From the line containing "j & He' & He'' & _" down to the final entry below, restate each line word for word.

(Saved data entries)
----
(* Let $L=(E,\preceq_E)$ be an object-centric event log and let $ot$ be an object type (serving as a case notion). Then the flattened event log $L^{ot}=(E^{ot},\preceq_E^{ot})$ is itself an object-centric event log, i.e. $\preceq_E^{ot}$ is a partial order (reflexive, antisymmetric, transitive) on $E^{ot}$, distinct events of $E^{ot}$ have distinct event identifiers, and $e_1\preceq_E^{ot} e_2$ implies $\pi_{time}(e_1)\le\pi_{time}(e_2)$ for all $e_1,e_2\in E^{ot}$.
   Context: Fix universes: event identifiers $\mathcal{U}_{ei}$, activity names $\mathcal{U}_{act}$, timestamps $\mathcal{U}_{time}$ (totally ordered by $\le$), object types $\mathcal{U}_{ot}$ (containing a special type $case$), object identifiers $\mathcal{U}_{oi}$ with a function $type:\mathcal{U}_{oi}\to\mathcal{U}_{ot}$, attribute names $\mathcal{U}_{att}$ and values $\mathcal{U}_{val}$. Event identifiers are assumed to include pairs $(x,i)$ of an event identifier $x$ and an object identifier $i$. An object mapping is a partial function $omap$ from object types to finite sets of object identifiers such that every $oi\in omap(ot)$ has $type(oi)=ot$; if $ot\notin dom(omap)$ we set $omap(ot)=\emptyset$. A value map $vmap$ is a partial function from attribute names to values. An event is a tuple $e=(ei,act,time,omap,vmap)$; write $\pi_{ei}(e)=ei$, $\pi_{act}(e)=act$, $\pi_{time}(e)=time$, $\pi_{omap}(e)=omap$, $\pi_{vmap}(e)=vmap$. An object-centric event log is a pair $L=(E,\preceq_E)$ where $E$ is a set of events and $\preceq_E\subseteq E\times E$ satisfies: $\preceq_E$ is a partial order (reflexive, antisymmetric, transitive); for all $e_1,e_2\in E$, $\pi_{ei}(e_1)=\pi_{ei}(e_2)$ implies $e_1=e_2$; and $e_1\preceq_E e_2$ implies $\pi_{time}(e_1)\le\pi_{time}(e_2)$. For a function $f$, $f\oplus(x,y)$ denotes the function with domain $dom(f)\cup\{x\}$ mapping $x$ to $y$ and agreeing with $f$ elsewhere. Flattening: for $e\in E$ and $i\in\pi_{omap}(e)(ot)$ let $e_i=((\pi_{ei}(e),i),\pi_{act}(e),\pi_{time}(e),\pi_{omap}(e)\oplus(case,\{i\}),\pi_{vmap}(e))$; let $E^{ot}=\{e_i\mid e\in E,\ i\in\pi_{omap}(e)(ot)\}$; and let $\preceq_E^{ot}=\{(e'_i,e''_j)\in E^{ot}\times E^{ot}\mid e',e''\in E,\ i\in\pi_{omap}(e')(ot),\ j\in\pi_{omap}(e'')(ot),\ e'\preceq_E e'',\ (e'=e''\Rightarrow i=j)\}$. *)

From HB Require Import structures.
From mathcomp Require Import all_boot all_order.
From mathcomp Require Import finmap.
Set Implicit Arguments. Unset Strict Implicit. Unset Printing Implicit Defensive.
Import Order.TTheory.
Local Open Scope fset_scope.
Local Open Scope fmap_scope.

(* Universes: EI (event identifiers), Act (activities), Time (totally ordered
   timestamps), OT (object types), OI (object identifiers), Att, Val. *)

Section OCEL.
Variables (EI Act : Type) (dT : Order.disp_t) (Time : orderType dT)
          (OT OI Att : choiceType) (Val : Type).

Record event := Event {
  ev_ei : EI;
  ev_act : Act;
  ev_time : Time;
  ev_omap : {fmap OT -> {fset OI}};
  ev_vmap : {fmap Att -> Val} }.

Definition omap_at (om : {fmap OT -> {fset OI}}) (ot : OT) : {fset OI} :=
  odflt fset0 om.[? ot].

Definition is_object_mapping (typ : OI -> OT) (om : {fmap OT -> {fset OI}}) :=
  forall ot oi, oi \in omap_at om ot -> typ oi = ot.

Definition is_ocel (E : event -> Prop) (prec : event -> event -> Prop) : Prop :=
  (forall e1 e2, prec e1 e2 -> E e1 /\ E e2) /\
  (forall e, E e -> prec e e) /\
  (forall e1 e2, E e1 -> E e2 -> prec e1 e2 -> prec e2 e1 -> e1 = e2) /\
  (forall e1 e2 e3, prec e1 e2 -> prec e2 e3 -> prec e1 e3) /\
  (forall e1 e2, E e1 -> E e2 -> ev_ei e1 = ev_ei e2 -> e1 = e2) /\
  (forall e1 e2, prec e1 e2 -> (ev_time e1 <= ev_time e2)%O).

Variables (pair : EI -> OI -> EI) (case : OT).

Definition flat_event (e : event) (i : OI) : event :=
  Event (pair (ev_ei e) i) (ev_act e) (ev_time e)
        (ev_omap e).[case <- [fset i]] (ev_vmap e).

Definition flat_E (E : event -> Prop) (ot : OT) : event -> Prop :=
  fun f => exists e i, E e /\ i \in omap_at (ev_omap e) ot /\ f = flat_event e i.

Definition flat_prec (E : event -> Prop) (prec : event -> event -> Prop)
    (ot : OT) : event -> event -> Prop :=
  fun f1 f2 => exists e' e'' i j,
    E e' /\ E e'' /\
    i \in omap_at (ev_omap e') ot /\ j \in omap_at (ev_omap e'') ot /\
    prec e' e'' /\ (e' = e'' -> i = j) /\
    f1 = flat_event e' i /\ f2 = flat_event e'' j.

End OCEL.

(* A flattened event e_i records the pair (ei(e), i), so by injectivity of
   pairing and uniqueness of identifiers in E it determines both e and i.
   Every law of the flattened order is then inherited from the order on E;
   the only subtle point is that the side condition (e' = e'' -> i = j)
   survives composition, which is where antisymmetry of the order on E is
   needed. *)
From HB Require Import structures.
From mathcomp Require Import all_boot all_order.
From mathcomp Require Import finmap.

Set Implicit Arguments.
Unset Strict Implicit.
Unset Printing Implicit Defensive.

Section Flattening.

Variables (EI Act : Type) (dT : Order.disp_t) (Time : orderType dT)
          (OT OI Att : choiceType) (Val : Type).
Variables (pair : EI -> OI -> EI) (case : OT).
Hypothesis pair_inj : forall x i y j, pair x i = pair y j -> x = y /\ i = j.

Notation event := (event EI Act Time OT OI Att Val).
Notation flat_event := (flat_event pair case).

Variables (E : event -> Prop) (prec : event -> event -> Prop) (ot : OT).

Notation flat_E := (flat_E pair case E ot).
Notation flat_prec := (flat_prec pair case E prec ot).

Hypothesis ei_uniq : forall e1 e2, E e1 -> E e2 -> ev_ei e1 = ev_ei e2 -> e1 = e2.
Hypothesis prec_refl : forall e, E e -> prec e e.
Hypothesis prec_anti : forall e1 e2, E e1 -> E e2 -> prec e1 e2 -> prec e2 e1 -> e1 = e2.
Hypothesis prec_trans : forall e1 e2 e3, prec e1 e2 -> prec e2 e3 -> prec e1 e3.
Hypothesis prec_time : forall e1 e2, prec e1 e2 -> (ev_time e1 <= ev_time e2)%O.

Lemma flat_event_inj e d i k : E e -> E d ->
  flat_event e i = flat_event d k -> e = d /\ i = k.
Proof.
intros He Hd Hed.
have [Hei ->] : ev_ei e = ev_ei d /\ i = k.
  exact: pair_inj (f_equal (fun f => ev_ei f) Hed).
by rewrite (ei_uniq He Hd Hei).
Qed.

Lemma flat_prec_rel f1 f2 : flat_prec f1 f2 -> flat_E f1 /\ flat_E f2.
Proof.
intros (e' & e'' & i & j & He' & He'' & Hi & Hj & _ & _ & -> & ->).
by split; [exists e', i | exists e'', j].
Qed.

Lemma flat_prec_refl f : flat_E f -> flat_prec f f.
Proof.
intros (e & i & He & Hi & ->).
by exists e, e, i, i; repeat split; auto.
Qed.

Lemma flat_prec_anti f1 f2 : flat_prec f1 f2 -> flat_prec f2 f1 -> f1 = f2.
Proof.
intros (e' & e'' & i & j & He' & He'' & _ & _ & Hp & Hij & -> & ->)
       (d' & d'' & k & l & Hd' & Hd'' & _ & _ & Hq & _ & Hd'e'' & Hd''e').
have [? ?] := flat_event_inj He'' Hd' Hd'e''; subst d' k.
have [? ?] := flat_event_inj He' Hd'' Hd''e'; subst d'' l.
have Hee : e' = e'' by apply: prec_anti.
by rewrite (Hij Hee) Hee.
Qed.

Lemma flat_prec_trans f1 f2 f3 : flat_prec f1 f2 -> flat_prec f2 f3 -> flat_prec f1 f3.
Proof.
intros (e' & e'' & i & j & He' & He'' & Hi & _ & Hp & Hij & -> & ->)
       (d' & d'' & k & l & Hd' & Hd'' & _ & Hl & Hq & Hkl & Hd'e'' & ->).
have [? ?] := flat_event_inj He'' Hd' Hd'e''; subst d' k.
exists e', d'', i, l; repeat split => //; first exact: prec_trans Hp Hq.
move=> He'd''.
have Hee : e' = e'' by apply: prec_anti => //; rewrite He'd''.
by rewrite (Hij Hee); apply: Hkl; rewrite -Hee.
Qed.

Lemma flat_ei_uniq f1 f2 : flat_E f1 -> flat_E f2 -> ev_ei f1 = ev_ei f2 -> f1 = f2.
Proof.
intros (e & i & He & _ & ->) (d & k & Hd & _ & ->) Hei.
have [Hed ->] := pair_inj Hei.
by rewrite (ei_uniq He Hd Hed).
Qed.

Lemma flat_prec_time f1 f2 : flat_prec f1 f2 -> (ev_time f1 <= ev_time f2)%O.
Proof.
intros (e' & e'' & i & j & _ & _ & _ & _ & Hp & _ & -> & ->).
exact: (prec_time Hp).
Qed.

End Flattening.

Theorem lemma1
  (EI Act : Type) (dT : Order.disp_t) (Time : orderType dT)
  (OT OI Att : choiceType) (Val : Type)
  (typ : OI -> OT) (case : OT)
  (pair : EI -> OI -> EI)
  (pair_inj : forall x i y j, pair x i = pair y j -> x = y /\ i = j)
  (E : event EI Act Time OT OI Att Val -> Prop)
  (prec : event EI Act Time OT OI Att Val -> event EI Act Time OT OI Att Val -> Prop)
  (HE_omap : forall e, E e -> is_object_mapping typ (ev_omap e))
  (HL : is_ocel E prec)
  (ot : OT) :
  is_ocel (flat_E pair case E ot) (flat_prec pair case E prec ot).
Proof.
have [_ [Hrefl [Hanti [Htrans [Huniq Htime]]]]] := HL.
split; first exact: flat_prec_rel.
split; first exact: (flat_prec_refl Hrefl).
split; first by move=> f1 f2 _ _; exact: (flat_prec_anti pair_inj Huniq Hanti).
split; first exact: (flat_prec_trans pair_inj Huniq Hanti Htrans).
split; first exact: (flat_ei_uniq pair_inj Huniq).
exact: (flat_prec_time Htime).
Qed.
----
RESPONSE TO THIS EXERCISE
intros (e' & e'' & i & j & He' & He'' & _ & _ & Hp & Hij & -> & ->)
       (d' & d'' & k & l & Hd' & Hd'' & _ & _ & Hq & _ & Hd'e'' & Hd''e').
have [? ?] := flat_event_inj He'' Hd' Hd'e''; subst d' k.
have [? ?] := flat_event_inj He' Hd'' Hd''e'; subst d'' l.
have Hee : e' = e'' by apply: prec_anti.
by rewrite (Hij Hee) Hee.
Qed.

Lemma flat_prec_trans f1 f2 f3 : flat_prec f1 f2 -> flat_prec f2 f3 -> flat_prec f1 f3.
Proof.
intros (e' & e'' & i & j & He' & He'' & Hi & _ & Hp & Hij & -> & ->)
       (d' & d'' & k & l & Hd' & Hd'' & _ & Hl & Hq & Hkl & Hd'e'' & ->).
have [? ?] := flat_event_inj He'' Hd' Hd'e''; subst d' k.
exists e', d'', i, l; repeat split => //; first exact: prec_trans Hp Hq.
move=> He'd''.
have Hee : e' = e'' by apply: prec_anti => //; rewrite He'd''.
by rewrite (Hij Hee); apply: Hkl; rewrite -Hee.
Qed.

Lemma flat_ei_uniq f1 f2 : flat_E f1 -> flat_E f2 -> ev_ei f1 = ev_ei f2 -> f1 = f2.
Proof.
intros (e & i & He & _ & ->) (d & k & Hd & _ & ->) Hei.
have [Hed ->] := pair_inj Hei.
by rewrite (ei_uniq He Hd Hed).
Qed.

Lemma flat_prec_time f1 f2 : flat_prec f1 f2 -> (ev_time f1 <= ev_time f2)%O.
Proof.
intros (e' & e'' & i & j & _ & _ & _ & _ & Hp & _ & -> & ->).
exact: (prec_time Hp).
Qed.

End Flattening.

Theorem lemma1
  (EI Act : Type) (dT : Order.disp_t) (Time : orderType dT)
  (OT OI Att : choiceType) (Val : Type)
  (typ : OI -> OT) (case : OT)
  (pair : EI -> OI -> EI)
  (pair_inj : forall x i y j, pair x i = pair y j -> x = y /\ i = j)
  (E : event EI Act Time OT OI Att Val -> Prop)
  (prec : event EI Act Time OT OI Att Val -> event EI Act Time OT OI Att Val -> Prop)
  (HE_omap : forall e, E e -> is_object_mapping typ (ev_omap e))
  (HL : is_ocel E prec)
  (ot : OT) :
  is_ocel (flat_E pair case E ot) (flat_prec pair case E prec ot).
Proof.
have [_ [Hrefl [Hanti [Htrans [Huniq Htime]]]]] := HL.
split; first exact: flat_prec_rel.
split; first exact: (flat_prec_refl Hrefl).
split; first by move=> f1 f2 _ _; exact: (flat_prec_anti pair_inj Huniq Hanti).
split; first exact: (flat_prec_trans pair_inj Huniq Hanti Htrans).
split; first exact: (flat_ei_uniq pair_inj Huniq).
exact: (flat_prec_time Htime).
Qed.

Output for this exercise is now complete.